Ophthalmic Anesthesia



Figure 20.1. Modified Atkinson approach to facial nerve block. The needle is inserted 2 cm lateral to the lateral border of the orbit, which is usually 2 to 3 cm further lateral than the van Lint approach. Infiltration is first performed with 2 or 3 mL as the needle is withdrawn up from its first contact with the bone (A). Local anesthetic is then injected superiorly (B) and inferiorly (C) from this point to catch the spreading fibers of the facial nerve as they surround the eye.


 

1. A modified Atkinson approach (Figure 20.1) is a simple technique to block the terminal branches of the facial nerve. A 38-mm (1.5-in.) needle is inserted through a skin wheal 2 cm (0.8 in.) lateral to the orbital rim. The needle is advanced first superior toward the upper orbital rim, and 3 to 4 mL of anesthetic injected as it is withdrawn to the insertion point. It is then redirected toward the inferior orbital rim, and a repeat injection is made. Sensory blockade of the lid is achieved by a subcutaneous injection of 1% lidocaine or mepivacaine through this single skin puncture. This approach has less chance of producing periorbital ecchymosis than the classic van Lint approach, and it is less likely to produce a total facial paralysis as would be obtained with a more proximal (such as O’Brien or Nadbath-Rehman) approach.

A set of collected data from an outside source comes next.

(* Let $\mathbb{F}$ be a field of characteristic $2$, $V$ a $4$-dimensional vector space over $\mathbb{F}$, $W=\bigwedge^2V$, and fix an isomorphism $\chi:\bigwedge^4V\to\mathbb{F}$. Let $w,x,y,z\in V$ with $\chi(w\wedge x\wedge y\wedge z)=1$. Then the element $U=(w\wedge x)(y\wedge z)+(w\wedge y)(z\wedge x)+(w\wedge z)(x\wedge y)$ of $S_2(W)$ does not depend on the choice of $w,x,y,z$, and it is fixed under the induced action of $\mathrm{SL}(V)$.
   Context: $S_2(W)=(W\otimes W)/\langle a\otimes b-b\otimes a\rangle$ is the symmetric square of $W$; the image of $a\otimes b$ is written $ab$. $\mathrm{SL}(V)$ acts naturally on $W$ and hence on $S_2(W)$. *)

From HB Require Import structures.
From mathcomp Require Import all_boot all_order all_algebra.
Set Implicit Arguments. Unset Strict Implicit. Unset Printing Implicit Defensive.
Import GRing.Theory.
Local Open Scope ring_scope.

(* V = F^4, realised as row vectors 'rV[F]_4; a matrix g acts by v |-> v *m g. *)

Definition pidx := {p : 'I_4 * 'I_4 | (p.1 < p.2)%N}.

Section Ext.
Variable F : fieldType.

(* W = /\^2 V, in coordinates w.r.t. the basis e_i /\ e_j, i < j. *)
Local Notation W := {ffun pidx -> F}.

Definition wedge2 (v u : 'rV[F]_4) : W :=
  [ffun p => v 0 (val p).1 * u 0 (val p).2 - v 0 (val p).2 * u 0 (val p).1].

(* /\^4 V identified with F via w/\x/\y/\z |-> det of the matrix with rows
   w, x, y, z (the determinant is the universal alternating 4-form). *)
Definition rows4 (w x y z : 'rV[F]_4) : 'M[F]_4 :=
  \matrix_(i < 4, j < 4) (nth w [:: w; x; y; z] i) 0 j.
Definition wedge4 (w x y z : 'rV[F]_4) : F := \det (rows4 w x y z).

(* W (x) W, in coordinates w.r.t. the basis b_p (x) b_q. *)
Local Notation WW := {ffun pidx * pidx -> F}.
Definition tens (a b : W) : WW := [ffun q => a q.1 * b q.2].

(* S_2(W) = (W (x) W) / < a(x)b - b(x)a > : two tensors represent the same
   element of S_2(W) iff their difference lies in the span of the a(x)b-b(x)a. *)
Definition S2eq (t t' : WW) : Prop :=
  exists s : seq (W * W),
    t - t' = \sum_(ab <- s) (tens ab.1 ab.2 - tens ab.2 ab.1).

(* the induced action of g on W: (/\^2 g)(e_i /\ e_j) = (e_i g) /\ (e_j g) *)
Definition act2 (g : 'M[F]_4) (a : W) : W :=
  [ffun r => \sum_(p : pidx) a p * wedge2 (row (val p).1 g) (row (val p).2 g) r].

Definition actWW (g : 'M[F]_4) (t : WW) : WW :=
  [ffun r => \sum_(q : pidx * pidx) t q *
     tens (wedge2 (row (val q.1).1 g) (row (val q.1).2 g))
          (wedge2 (row (val q.2).1 g) (row (val q.2).2 g)) r].

Definition Urep (w x y z : 'rV[F]_4) : WW :=
  tens (wedge2 w x) (wedge2 y z) + tens (wedge2 w y) (wedge2 z x)
  + tens (wedge2 w z) (wedge2 x y).

End Ext.

From HB Require Import structures.
From mathcomp Require Import all_boot all_order all_algebra.
From mathcomp Require Import ring.
Import GRing.Theory.
Local Open Scope ring_scope.

(* A tensor t represents the same element of S_2(W) as t' as soon as both have
   the same diagonal and the same symmetrisation t(p,q) + t(q,p).  The
   diagonal of U vanishes, and each coefficient of its symmetrisation is an
   alternating multilinear function of (w, x, y, z), hence a fixed multiple of
   det(w, x, y, z).  So U depends only on det(w, x, y, z); and g in SL(V) maps
   the representative of U built from (w, x, y, z) to the one built from
   (wg, xg, yg, zg), which has the same determinant. *)

Definition o0 : 'I_4 := Ordinal (isT : (0 < 4)%N).
Definition o1 : 'I_4 := Ordinal (isT : (1 < 4)%N).
Definition o2 : 'I_4 := Ordinal (isT : (2 < 4)%N).
Definition o3 : 'I_4 := Ordinal (isT : (3 < 4)%N).

Definition p01 : pidx := exist _ (o0, o1) isT.
Definition p02 : pidx := exist _ (o0, o2) isT.
Definition p03 : pidx := exist _ (o0, o3) isT.
Definition p12 : pidx := exist _ (o1, o2) isT.
Definition p13 : pidx := exist _ (o1, o3) isT.
Definition p23 : pidx := exist _ (o2, o3) isT.

Lemma ord4_enumP (i : 'I_4) : i \in [:: o0; o1; o2; o3].
Proof. by case: i => [[|[|[|[|i]]]] hi]. Qed.

Lemma pidx_enumP (p : pidx) : p \in [:: p01; p02; p03; p12; p13; p23].
Proof. by case: p => [[[[|[|[|[|i]]]] hi] [[|[|[|[|j]]]] hj]] h]. Qed.

Lemma pidx_ind (P : pidx -> Prop) :
  P p01 -> P p02 -> P p03 -> P p12 -> P p13 -> P p23 -> forall p, P p.
Proof.
move=> P01 P02 P03 P12 P13 P23 p.
by move: (pidx_enumP p); rewrite !inE => /or4P[| | |/or3P[| |]] /eqP->.
Qed.

Section ExteriorSquare.
Variable F : fieldType.
Local Notation W := {ffun pidx -> F}.
Local Notation WW := {ffun pidx * pidx -> F}.

Lemma big_ord4 (f : 'I_4 -> F) : \sum_(i < 4) f i = f o0 + f o1 + f o2 + f o3.
Proof.
rewrite (perm_big [:: o0; o1; o2; o3]) /=; last first.
  apply: uniq_perm; [exact: index_enum_uniq | by [] |].
  by move=> i; rewrite mem_index_enum ord4_enumP.
by rewrite !big_cons big_nil addr0 !addrA.
Qed.

Lemma big_pidx (f : pidx -> F) :
  \sum_(p : pidx) f p = f p01 + f p02 + f p03 + f p12 + f p13 + f p23.
Proof.
rewrite (perm_big [:: p01; p02; p03; p12; p13; p23]) /=; last first.
  apply: uniq_perm; [exact: index_enum_uniq | by [] |].
  by move=> p; rewrite mem_index_enum pidx_enumP.
by rewrite !big_cons big_nil addr0 !addrA.
Qed.

Lemma wedge4E (w x y z : 'rV[F]_4) : wedge4 w x y z =
    w 0 o0 * x 0 o1 * y 0 o2 * z 0 o3 - w 0 o0 * x 0 o1 * y 0 o3 * z 0 o2
  - w 0 o0 * x 0 o2 * y 0 o1 * z 0 o3 + w 0 o0 * x 0 o2 * y 0 o3 * z 0 o1
  + w 0 o0 * x 0 o3 * y 0 o1 * z 0 o2 - w 0 o0 * x 0 o3 * y 0 o2 * z 0 o1
  - w 0 o1 * x 0 o0 * y 0 o2 * z 0 o3 + w 0 o1 * x 0 o0 * y 0 o3 * z 0 o2
  + w 0 o1 * x 0 o2 * y 0 o0 * z 0 o3 - w 0 o1 * x 0 o2 * y 0 o3 * z 0 o0
  - w 0 o1 * x 0 o3 * y 0 o0 * z 0 o2 + w 0 o1 * x 0 o3 * y 0 o2 * z 0 o0
  + w 0 o2 * x 0 o0 * y 0 o1 * z 0 o3 - w 0 o2 * x 0 o0 * y 0 o3 * z 0 o1
  - w 0 o2 * x 0 o1 * y 0 o0 * z 0 o3 + w 0 o2 * x 0 o1 * y 0 o3 * z 0 o0
  + w 0 o2 * x 0 o3 * y 0 o0 * z 0 o1 - w 0 o2 * x 0 o3 * y 0 o1 * z 0 o0
  - w 0 o3 * x 0 o0 * y 0 o1 * z 0 o2 + w 0 o3 * x 0 o0 * y 0 o2 * z 0 o1
  + w 0 o3 * x 0 o1 * y 0 o0 * z 0 o2 - w 0 o3 * x 0 o1 * y 0 o2 * z 0 o0
  - w 0 o3 * x 0 o2 * y 0 o0 * z 0 o1 + w 0 o3 * x 0 o2 * y 0 o1 * z 0 o0.
Proof.
have entryE i j : rows4 w x y z i j = nth w [:: w; x; y; z] i 0 j by rewrite mxE.
rewrite /wedge4; move: (rows4 w x y z) entryE => A entryE.
do 4! rewrite ?(expand_det_row _ ord0) ?big_ord_recr ?big_ord0 /cofactor /=.
rewrite ?det_mx00 !mxE.
(* Make the numeric values of the ordinals produced by the expansion visible,
   so that cbv can normalise them. *)
pose s := [:: o0; o1; o2; o3]; pose mc (i j : nat) := A (nth o0 s i) (nth o0 s j).
have mcE (i j : 'I_4) : A i j = mc i j.
  by case: i j => [[|[|[|[|i]]]] hi] [[|[|[|[|j]]]] hj];
    congr (A _ _); apply/val_inj.
rewrite !mcE.
cbv [bump nat_of_ord lift ord0 widen_ord ord_max leq subn subn_rec addn addn_rec
     eq_op Equality.sort].
rewrite /mc !entryE /=; ring.
Qed.

Lemma delta_rowE (i j : 'I_4) : (delta_mx 0 i : 'rV[F]_4) 0 j = (i == j)%:R.
Proof. by rewrite mxE eqxx eq_sym. Qed.

Lemma big_pick (I J : finType) (e : I * J -> F) (i0 : I) (j0 : J) :
  \sum_(ij : I * J) (i0 == ij.1)%:R * ((j0 == ij.2)%:R * e ij) = e (i0, j0).
Proof.
rewrite (bigD1 (i0, j0)) //= !eqxx !mul1r big1 ?addr0 // => -[i j] /=.
by rewrite xpair_eqE negb_and => /orP[] /negPf; rewrite eq_sym => ->;
  rewrite !mul0r ?mulr0.
Qed.

Definition wbasis (c : F) (p : pidx) : W := [ffun r => c * (r == p)%:R].

Lemma S2eq_diag_sym (t t' : WW) :
  (forall p, t (p, p) = t' (p, p)) ->
  (forall p q, t (p, q) + t (q, p) = t' (p, q) + t' (q, p)) -> S2eq t t'.
Proof.
move=> diag_tt' sym_tt'.
have anti p q : (t - t') (q, p) = - (t - t') (p, q).
  apply/eqP; rewrite !ffunE -subr_eq0 opprK addrACA -opprD subr_eq0.
  by rewrite sym_tt'.
pose e (pq : pidx * pidx) :=
  if (enum_rank pq.1 < enum_rank pq.2)%N then (t - t') pq else 0.
exists [seq (wbasis 1 pq.1, wbasis (e pq) pq.2) | pq <- index_enum _].
apply/ffunP => -[r s]; rewrite big_map sum_ffunE.
rewrite (eq_bigr (fun pq => (r == pq.1)%:R * ((s == pq.2)%:R * e pq)
                        - (s == pq.1)%:R * ((r == pq.2)%:R * e pq))); last first.
  move=> pq _; rewrite !ffunE /= !mul1r [e pq * (s == _)%:R]mulrC.
  by rewrite [e pq * (r == _)%:R]mulrC [_ * (s == pq.1)%:R]mulrC.
rewrite sumrB !big_pick /e /=.
case: ltngtP => [_|_|/val_inj/enum_rank_inj ->].
- by rewrite subr0.
- by rewrite sub0r (anti r s) opprK.
- by rewrite !ffunE diag_tt' subrr subr0.
Qed.

Definition wedge_pairing (p q : pidx) : F :=
  wedge4 (delta_mx 0 (val p).1) (delta_mx 0 (val p).2)
         (delta_mx 0 (val q).1) (delta_mx 0 (val q).2).

Lemma Urep_diag (w x y z : 'rV[F]_4) p : Urep w x y z (p, p) = 0.
Proof. by elim/pidx_ind: p; rewrite !ffunE /=; ring. Qed.

Lemma Urep_sym (w x y z : 'rV[F]_4) p q :
  Urep w x y z (p, q) + Urep w x y z (q, p) = wedge4 w x y z * wedge_pairing p q.
Proof.
rewrite !ffunE /wedge_pairing !wedge4E !delta_rowE.
by elim/pidx_ind: p; elim/pidx_ind: q; rewrite /=; ring.
Qed.

Lemma S2eq_Urep (w x y z w' x' y' z' : 'rV[F]_4) :
  wedge4 w x y z = wedge4 w' x' y' z' -> S2eq (Urep w x y z) (Urep w' x' y' z').
Proof.
move=> eq_wedge4; apply: S2eq_diag_sym => [p | p q].
  by rewrite !Urep_diag.
by rewrite !Urep_sym eq_wedge4.
Qed.

Lemma act2_wedge2 (g : 'M[F]_4) (v u : 'rV[F]_4) :
  act2 g (wedge2 v u) = wedge2 (v *m g) (u *m g).
Proof.
apply/ffunP => r; rewrite !ffunE big_pidx !ffunE !mxE !big_ord4.
by elim/pidx_ind: r; rewrite /=; ring.
Qed.

Lemma actWW_tens (g : 'M[F]_4) (a b : W) :
  actWW g (tens a b) = tens (act2 g a) (act2 g b).
Proof.
apply/ffunP => -[r s]; rewrite !ffunE /= big_distrlr /= pair_big /=.
by apply: eq_bigr => -[p q] _; rewrite !ffunE /= mulrACA.
Qed.

Lemma actWWD (g : 'M[F]_4) (t t' : WW) :
  actWW g (t + t') = actWW g t + actWW g t'.
Proof.
apply/ffunP => r; rewrite !ffunE -big_split /=.
by apply: eq_bigr => q _; rewrite !ffunE mulrDl.
Qed.

Lemma actWW_Urep (g : 'M[F]_4) (w x y z : 'rV[F]_4) :
  actWW g (Urep w x y z) = Urep (w *m g) (x *m g) (y *m g) (z *m g).
Proof. by rewrite /Urep !actWWD !actWW_tens !act2_wedge2. Qed.

Lemma wedge4_mulmx (g : 'M[F]_4) (w x y z : 'rV[F]_4) :
  wedge4 (w *m g) (x *m g) (y *m g) (z *m g) = wedge4 w x y z * \det g.
Proof.
rewrite /wedge4 -det_mulmx; congr (\det _); apply/matrixP => i j.
rewrite !mxE; case: i => [[|[|[|[|i]]]] hi] //=; rewrite mxE.
all: by apply: eq_bigr => k _; rewrite !mxE.
Qed.

End ExteriorSquare.

Theorem lemma3p5 (F : fieldType) (charF2 : 2%N \in [pchar F])
  (c : F) (hc : c != 0) (w x y z : 'rV[F]_4)
  (hwxyz : c * wedge4 w x y z = 1) :
  (forall w' x' y' z' : 'rV[F]_4, c * wedge4 w' x' y' z' = 1 ->
     S2eq (Urep w x y z) (Urep w' x' y' z')) /\
  (forall g : 'M[F]_4, \det g = 1 ->
     S2eq (actWW g (Urep w x y z)) (Urep w x y z)).
Proof.
split=> [w' x' y' z' hw'x'y'z' | g detg1].
  by apply: S2eq_Urep; apply: (mulfI hc); rewrite hwxyz hw'x'y'z'.
by rewrite actWW_Urep; apply: S2eq_Urep; rewrite wedge4_mulmx detg1 mulr1.
Qed.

2. The approach described by Atkinson has the needle inserted over the zygomatic arch at the level of the lateral orbital rim and advanced subcutaneously upward toward the top of the ear. Three to 4 mL of local anesthetic is injected as the needle is withdrawn.


3. The classic van Lint approach (Figure 20.2) is slightly more medial, at a point 2 cm (0.8 in.) posterior to the lateral canthus of the eye. Three milliliters of local anesthetic is injected as the needle is withdrawn to the entry point. The needle is left in the skin and redirected inferiorly and anteriorly, with a similar injection of 3 mL on withdrawal. The two injections should produce a “V” bordering the eye. An additional 2 mL can be injected deeper at the apex of the “V” to provide anesthesia of deeper fibers.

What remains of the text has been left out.